(Stored items)
_ _ _ _ _ _ _

Lemma mul_binom_pmf p N k :
  p * binom_pmf p N k = k.+1%:R / N.+1%:R * binom_pmf p N.+1 k.+1.
Proof.
rewrite /binom_pmf subSS.
have binS_eq : 'C(N.+1, k.+1)%:R = N.+1%:R * 'C(N, k)%:R / k.+1%:R :> R.
  by rewrite -natrM (mul_bin_diag N.+1 k) natrM mulrAC divff ?mul1r ?pnatr_eq0.
rewrite binS_eq exprS; field.
by rewrite !(addrC 1) !natr1 !pnatr_eq0.
Qed.

Lemma binom_pmf_mix p N (Q : nat -> R) :
  \sum_(0 <= k < N.+1) binom_pmf p N k * (p * Q k.+1 + (1 - p) * Q k) =
  \sum_(0 <= k < N.+2) binom_pmf p N.+1 k * Q k.
Proof.
have shift : \sum_(0 <= k < N.+1) binom_pmf p N k * Q k =
    binom_pmf p N 0 * Q 0 + \sum_(0 <= k < N.+1) binom_pmf p N k.+1 * Q k.+1.
  rewrite big_nat_recl // [in RHS]big_nat_recr //=.
  by rewrite (binom_pmf_small _ (ltnSn N)) mul0r addr0.
rewrite [in RHS]big_nat_recl // binom_pmfS0.
under [in LHS]eq_bigr do rewrite mulrDr mulrCA [X in _ + X]mulrCA.
under [in RHS]eq_bigr do rewrite binom_pmfSS mulrDl -(mulrA p) -(mulrA (1 - p)).
by rewrite !big_split -!mulr_sumr shift /=; ring.
Qed.

Lemma binom_tail_bound p N m : 0 <= p <= 1 ->
  p * \sum_(0 <= k < N.+1) binom_pmf p N k * (k < m)%:R <= m%:R / N.+1%:R.
Proof.
move=> p01; rewrite mulr_sumr.
apply: le_trans (_ : \sum_(0 <= k < N.+1) m%:R / N.+1%:R * binom_pmf p N.+1 k.+1 <= _).
  apply: ler_sum => k _; rewrite mulrA mul_binom_pmf mulrAC ler_wpM2r ?binom_pmf_ge0 //.
  rewrite mulrAC ler_wpM2r ?invr_ge0 // -natrM ler_nat.
  by case: ltnP => km; rewrite ?muln1 ?muln0.
rewrite -mulr_sumr ler_piMr ?divr_ge0 //.
have := sum_binom_pmf p N.+1; rewrite big_nat_recl // => <-.
by rewrite lerDr binom_pmf_ge0.
Qed.

End BinomialDistribution.

Section Sampling.
Variables (R : realFieldType) (n : nat).
Implicit Types (D : {ffun pt n -> R}) (f : hyp n) (l : rst n) (G : seq (pt n * bool) -> R).

Definition fcons N (x : pt n) (ys : {ffun 'I_N -> pt n}) : {ffun 'I_N.+1 -> pt n} :=
  [ffun i => if unlift ord0 i is Some j then ys j else x].

Lemma sum_ffunS N (Phi : {ffun 'I_N.+1 -> pt n} -> R) :
  \sum_xs Phi xs = \sum_x \sum_(ys : {ffun 'I_N -> pt n}) Phi (fcons x ys).
Proof.
rewrite pair_bigA /= (reindex (fun p : pt n * {ffun 'I_N -> pt n} => fcons p.1 p.2)) //=.
exists (fun xs => (xs ord0, [ffun j => xs (lift ord0 j)])) => [[x ys] _ | xs _] /=.
  by congr (_, _); [rewrite ffunE unlift_none | apply/ffunP => j; rewrite !ffunE liftK].
by apply/ffunP => i; rewrite !ffunE; case: unliftP => [j ->|->]; rewrite ?ffunE.
Qed.

Lemma sum_ffun0 (Phi : {ffun 'I_0 -> pt n} -> R) xs0 : \sum_xs Phi xs = Phi xs0.
Proof.
rewrite (eq_bigr (fun _ => Phi xs0)) ?sumr_const ?card_ffun ?card_ord ?expn0 //.
by move=> xs _; congr Phi; apply/ffunP => -[].
Qed.

Lemma sum_prod_ffunS N D (Phi : {ffun 'I_N.+1 -> pt n} -> R) :
  \sum_(xs : {ffun 'I_N.+1 -> pt n}) (\prod_i D (xs i)) * Phi xs =
  \sum_x D x * \sum_(ys : {ffun 'I_N -> pt n}) (\prod_i D (ys i)) * Phi (fcons x ys).
Proof.
rewrite sum_ffunS; apply: eq_bigr => x _; rewrite mulr_sumr; apply: eq_bigr => ys _.
rewrite big_ord_recl !ffunE unlift_none -mulrA; congr (_ * (_ * _)).
by apply: eq_bigr => i _; rewrite ffunE liftK.
Qed.

Lemma sample_fcons N (x : pt n) (ys : {ffun 'I_N -> pt n}) f :
  sample (fcons x ys) f = (x, f x) :: sample ys f.
Proof.
rewrite /sample enum_ordSl /= !ffunE unlift_none -map_comp; congr (_ :: _).
by apply: eq_map => j /=; rewrite ffunE liftK.
Qed.

Lemma sample_ffun0 (xs : {ffun 'I_0 -> pt n}) f : sample xs f = [::].
Proof. by apply/size0nil; rewrite size_map size_enum_ord. Qed.

Definition Esample D f k G :=
  \sum_(ys : {ffun 'I_k -> pt n}) (\prod_i D (ys i)) * G (sample ys f).

Definition Esample_restrict D f l N G :=
  \sum_(xs : {ffun 'I_N -> pt n}) (\prod_i D (xs i)) * G (restrict_sample (sample xs f) l).

Let xs0 : {ffun 'I_0 -> pt n} := [ffun i => [ffun _ => true]].

Lemma Esample0 D f G : Esample D f 0 G = G [::].
Proof. by rewrite /Esample (sum_ffun0 _ xs0) big_ord0 mul1r sample_ffun0. Qed.

Lemma EsampleS D f k G :
  Esample D f k.+1 G = \sum_x D x * Esample D f k (fun S => G ((x, f x) :: S)).
Proof.
rewrite /Esample sum_prod_ffunS; apply: eq_bigr => x _; congr (_ * _).
by apply: eq_bigr => ys _; rewrite sample_fcons.
Qed.

Lemma Esample_restrict0 D f l G : Esample_restrict D f l 0 G = G [::].
Proof. by rewrite /Esample_restrict (sum_ffun0 _ xs0) big_ord0 mul1r sample_ffun0. Qed.

Lemma Esample_restrictS D f l N G :
  Esample_restrict D f l N.+1 G = \sum_x D x *
    Esample_restrict D f l N (fun S => G (if in_rst x l then (x, f x) :: S else S)).
Proof.
rewrite /Esample_restrict sum_prod_ffunS; apply: eq_bigr => x _; congr (_ * _).
by apply: eq_bigr => ys _; rewrite sample_fcons.
Qed.

Lemma ler_Esample D f k G1 G2 : (forall x, 0 <= D x) ->
  (forall S, G1 S <= G2 S) -> Esample D f k G1 <= Esample D f k G2.
Proof.
move=> D0 G12; apply: ler_sum => ys _; apply: ler_wpM2l => //.
exact: prodr_ge0.
Qed.

Lemma Esample1 D f k : is_dist D -> Esample D f k (fun _ => 1) = 1.
Proof.
case=> _ D1; elim: k => [|k IH]; first by rewrite Esample0.
by rewrite EsampleS -[RHS]D1; apply: eq_bigr => x _; rewrite IH mulr1.
Qed.

End Sampling.

Section RestrictedSample.
Variables (R : realFieldType) (n : nat) (D : {ffun pt n -> R}) (f : hyp n) (l : rst n).
Hypotheses (dD : is_dist D) (pos_mass : 0 < mass D l).
(* Let $A=(a_{nk})$ be an infinite complex matrix and $1<p<\infty$. (i) $A\in(c_0^\lambda(\widehat B):\ell_p)$ if and only if: (a) $\sup_{F\in\mathcal F}\sum_n\left|\sum_{k\in F}\widehat g_{nk}\right|^p<\infty$; (b) $\sum_{j=k}^\infty d_{jk}a_{nj}$ converges for all fixed $k,n\in\mathbb{N}$; (c) $\sup_{m\in\mathbb{N}}\sum_{k=0}^{m-1}|\widehat g_{nk}(m)|<\infty$ for each $n$; (d) $\sup_k\left|\frac1r\frac{\lambda_k}{\lambda_k-\lambda_{k-1}}a_{nk}\right|<\infty$ for each $n\in\mathbb{N}$. (ii) $A\in(c_0^\lambda(\widehat B):\ell_\infty)$ if and only if condition (c), condition (d), and $\sup_{n\in\mathbb{N}}\sum_k|\widehat g_{nk}|<\infty$ hold.
   Context: Fix nonzero reals $r,s,t$ and a strictly increasing sequence $\lambda=(\lambda_k)_{k\ge0}$ of positive reals with $\lambda_k\to\infty$. Convention: terms with negative subscript are $0$. $\omega$: all complex sequences indexed by $\mathbb{N}=\{0,1,\dots\}$; $\mathcal F$: finite subsets of $\mathbb{N}$. $D=(d_{nk})$ is the inverse of the lower triangular matrix $B(r,s,t)$ having $r$ on the diagonal, $s$ on the first subdiagonal, $t$ on the second subdiagonal and zeros elsewhere; explicitly $d_{nk}=\frac1r\sum_{v=0}^{n-k}\rho_1^{\,n-k-v}\rho_2^{\,v}$ ($0\le k\le n$), $d_{nk}=0$ ($k>n$), $\rho_{1,2}=\frac{-s\pm\sqrt{s^2-4tr}}{2r}$. With $\widehat W_n(x)=\frac{1}{\lambda_n}\sum_{k=0}^n(\lambda_k-\lambda_{k-1})(rx_k+sx_{k-1}+tx_{k-2})$, $c_0^\lambda(\widehat B)=\{x\in\omega:(\widehat W_n(x))_n\in c_0\}$. For $k<m$, $\widehat g_{nk}(m)=\lambda_k\left(\frac{1}{\lambda_k-\lambda_{k-1}}\sum_{j=k}^m d_{jk}a_{nj}-\frac{1}{\lambda_{k+1}-\lambda_k}\sum_{j=k+1}^m d_{j,k+1}a_{nj}\right)$, and $\widehat g_{nk}$ is the same with sums to $\infty$ (provided convergence). $A\in(X:Y)$ means that for every $x\in X$ the series $(Ax)_n=\sum_k a_{nk}x_k$ converges for each $n$ and $Ax\in Y$. *)

From Stdlib Require Import Reals Lra List.
From Coquelicot Require Import Coquelicot.
Open Scope R_scope.

Fixpoint rsum (f : nat -> R) (m : nat) : R :=
  match m with O => 0 | S m' => rsum f m' + f m' end.
Fixpoint csum (f : nat -> C) (m : nat) : C :=
  match m with O => RtoC 0 | S m' => Cplus (csum f m') (f m') end.

(* Sum over a finite set F of naturals, represented by a duplicate-free list. *)
Definition csum_list (f : nat -> C) (F : list nat) : C :=
  fold_right (fun k acc => Cplus (f k) acc) (RtoC 0) F.

Definition CSeries (a : nat -> C) : C :=
  (Series (fun j => fst (a j)), Series (fun j => snd (a j))).

Definition powp (x p : R) : R := if Rle_dec x 0 then 0 else Rpower x p.

(* Convention: terms with negative subscript are 0. *)
Definition lam_m1 (lam : nat -> R) (k : nat) : R :=
  match k with O => 0 | S k' => lam k' end.
Definition xsh (x : nat -> C) (i k : nat) : C :=
  if Nat.leb i k then x (k - i)%nat else RtoC 0.

(* D = (d_{nk}) = inverse of the lower triangular band matrix B(r,s,t).
   d_{nk} depends only on n-k: with e(0)=1/r, e(1)=-s/r^2 and
   r e(m+2) + s e(m+1) + t e(m) = 0 (forward substitution for B D = I). *)
Fixpoint dseq_aux (r s t : R) (m : nat) : R * R :=
  match m with
  | O => (/ r, - s / (r * r))
  | S m' => let '(u, v) := dseq_aux r s t m' in (v, - (s * v + t * u) / r)
  end.
Definition dseq (r s t : R) (m : nat) : R := fst (dseq_aux r s t m).
Definition dmat (r s t : R) (n k : nat) : R :=
  if Nat.leb k n then dseq r s t (n - k)%nat else 0.

Definition What (r s t : R) (lam : nat -> R) (x : nat -> C) (n : nat) : C :=
  Cmult (RtoC (/ lam n))
    (csum (fun k => Cmult (RtoC (lam k - lam_m1 lam k))
          (Cplus (Cplus (Cmult (RtoC r) (x k)) (Cmult (RtoC s) (xsh x 1 k)))
                 (Cmult (RtoC t) (xsh x 2 k)))) (S n)).

Definition c0_lam_B (r s t : R) (lam : nat -> R) (x : nat -> C) : Prop :=
  is_lim_seq (fun n => Cmod (What r s t lam x n)) 0.

Definition Arow (a : nat -> nat -> C) (x : nat -> C) (n : nat) : nat -> C :=
  fun k => Cmult (a n k) (x k).
Definition Ax (a : nat -> nat -> C) (x : nat -> C) (n : nat) : C :=
  CSeries (Arow a x n).

Definition in_lp (p : R) (y : nat -> C) : Prop :=
  ex_series (fun n => powp (Cmod (y n)) p).
Definition in_linf (y : nat -> C) : Prop :=
  exists M, forall n, Cmod (y n) <= M.

Definition maps_c0lamB_to (r s t : R) (lam : nat -> R) (a : nat -> nat -> C)
  (Y : (nat -> C) -> Prop) : Prop :=
  forall x, c0_lam_B r s t lam x ->
    (forall n, ex_series (Arow a x n)) /\ Y (Ax a x).

Definition dasum (r s t : R) (a : nat -> nat -> C) (n k m : nat) : C :=
  csum (fun i => Cmult (RtoC (dmat r s t (k + i) k)) (a n (k + i)%nat)) (S (m - k)).
Definition daterm (r s t : R) (a : nat -> nat -> C) (n k : nat) : nat -> C :=
  fun i => Cmult (RtoC (dmat r s t (k + i) k)) (a n (k + i)%nat).

Definition ghat_m (r s t : R) (lam : nat -> R) (a : nat -> nat -> C) (n k m : nat) : C :=
  Cmult (RtoC (lam k))
   (Cminus (Cmult (RtoC (/ (lam k - lam_m1 lam k))) (dasum r s t a n k m))
           (Cmult (RtoC (/ (lam (S k) - lam k))) (dasum r s t a n (S k) m))).

(* \widehat g_{nk} (meaningful when the series converge, cf. cond_b) *)
Definition ghat (r s t : R) (lam : nat -> R) (a : nat -> nat -> C) (n k : nat) : C :=
  Cmult (RtoC (lam k))
   (Cminus (Cmult (RtoC (/ (lam k - lam_m1 lam k))) (CSeries (daterm r s t a n k)))
           (Cmult (RtoC (/ (lam (S k) - lam k))) (CSeries (daterm r s t a n (S k))))).

Definition cond_a (r s t : R) (lam : nat -> R) (a : nat -> nat -> C) (p : R) : Prop :=
  exists M, forall (F : list nat), NoDup F -> forall N,
    rsum (fun n => powp (Cmod (csum_list (ghat r s t lam a n) F)) p) N <= M.
Definition cond_b (r s t : R) (a : nat -> nat -> C) : Prop :=
  forall k n, ex_series (daterm r s t a n k).
Definition cond_c (r s t : R) (lam : nat -> R) (a : nat -> nat -> C) : Prop :=
  forall n, exists M, forall m, rsum (fun k => Cmod (ghat_m r s t lam a n k m)) m <= M.
Definition cond_d (r : R) (lam : nat -> R) (a : nat -> nat -> C) : Prop :=
  forall n, exists M, forall k,
    Cmod (Cmult (RtoC (/ r * (lam k / (lam k - lam_m1 lam k)))) (a n k)) <= M.
Definition cond_e (r s t : R) (lam : nat -> R) (a : nat -> nat -> C) : Prop :=
  exists M, forall n N, rsum (fun k => Cmod (ghat r s t lam a n k)) N <= M.

Definition lam_ok (lam : nat -> R) : Prop :=
  (forall k, 0 < lam k) /\ (forall k, lam k < lam (S k)) /\ is_lim_seq lam p_infty.

From Stdlib Require Import Reals Lra Lia List Classical ClassicalEpsilon FunctionalExtensionality.
From Coquelicot Require Import Coquelicot.
Open Scope R_scope.

(** Put [y = W(x)].  The map [x |-> W(x)] is a bijection of sequences, with inverse
    [x = D z], [z_k = (lam_k y_k - lam_{k-1} y_{k-1}) / (lam_k - lam_{k-1})]; hence
    [c_0^lam(B)] is the preimage of [c_0].  Summation by parts writes the m-th partial sum
    of [(Ax)_n] as [sum_{k<m} g_{nk}(m) y_k + lam_m a_{nm} y_m / (r (lam_m - lam_{m-1}))].

    Sufficiency: (b), (c), (d) are the hypotheses of a Toeplitz theorem on [c_0], which gives
    [(Ax)_n = sum_k g_{nk} y_k] with [sum_k |g_{nk}| < oo].  For [l_oo] the extra condition
    bounds these sums uniformly.  For [l_p], condition (a) bounds [sum_n |sum_k g_{nk} u_k|^p]
    at the vertices of the cube [[0,1]^K]; convexity of [t |-> t^p] extends the bound to the
    whole cube, hence (splitting into real and imaginary, positive and negative parts) to
    the complex unit ball.

    Necessity: (b) comes from testing [A] on [x = D e_k].  The other conditions follow
    from the uniform boundedness principle on [c_0], proved by a gliding hump for families
    of quasi-seminorms, applied to the partial-sum functionals (giving (c), (d)), to the
    limit functionals (giving the [l_oo] condition) and to the quasi-norms
    [y |-> sum_{n<N} |sum_k g_{nk} y_k|^p] (giving (a), by evaluation at indicator vectors). *)


Lemma csum_ext_lt (f g : nat -> C) m :
  (forall k, (k < m)%nat -> f k = g k) -> csum f m = csum g m.
Proof.
  induction m as [|m IH]; intros H; simpl; auto.
  rewrite IH by (intros; apply H; lia). rewrite H by lia. reflexivity.
Qed.

Lemma rsum_ext_lt (f g : nat -> R) m :
  (forall k, (k < m)%nat -> f k = g k) -> rsum f m = rsum g m.
Proof.
  induction m as [|m IH]; intros H; simpl; auto.
  rewrite IH by (intros; apply H; lia). rewrite H by lia. reflexivity.
Qed.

_ _ _ _ _ _ _

▸ EXERCISE DIRECTIONS
Lines before the one containing "Sufficiency: (b), (c), (d)" are to be left out; that line and every line after it through the end of the data should be copied exactly.

▸ ANSWER BELOW
    Sufficiency: (b), (c), (d) are the hypotheses of a Toeplitz theorem on [c_0], which gives
    [(Ax)_n = sum_k g_{nk} y_k] with [sum_k |g_{nk}| < oo].  For [l_oo] the extra condition
    bounds these sums uniformly.  For [l_p], condition (a) bounds [sum_n |sum_k g_{nk} u_k|^p]
    at the vertices of the cube [[0,1]^K]; convexity of [t |-> t^p] extends the bound to the
    whole cube, hence (splitting into real and imaginary, positive and negative parts) to
    the complex unit ball.

    Necessity: (b) comes from testing [A] on [x = D e_k].  The other conditions follow
    from the uniform boundedness principle on [c_0], proved by a gliding hump for families
    of quasi-seminorms, applied to the partial-sum functionals (giving (c), (d)), to the
    limit functionals (giving the [l_oo] condition) and to the quasi-norms
    [y |-> sum_{n<N} |sum_k g_{nk} y_k|^p] (giving (a), by evaluation at indicator vectors). *)


Lemma csum_ext_lt (f g : nat -> C) m :
  (forall k, (k < m)%nat -> f k = g k) -> csum f m = csum g m.
Proof.
  induction m as [|m IH]; intros H; simpl; auto.
  rewrite IH by (intros; apply H; lia). rewrite H by lia. reflexivity.
Qed.

Lemma rsum_ext_lt (f g : nat -> R) m :
  (forall k, (k < m)%nat -> f k = g k) -> rsum f m = rsum g m.
Proof.
  induction m as [|m IH]; intros H; simpl; auto.
  rewrite IH by (intros; apply H; lia). rewrite H by lia. reflexivity.
Qed.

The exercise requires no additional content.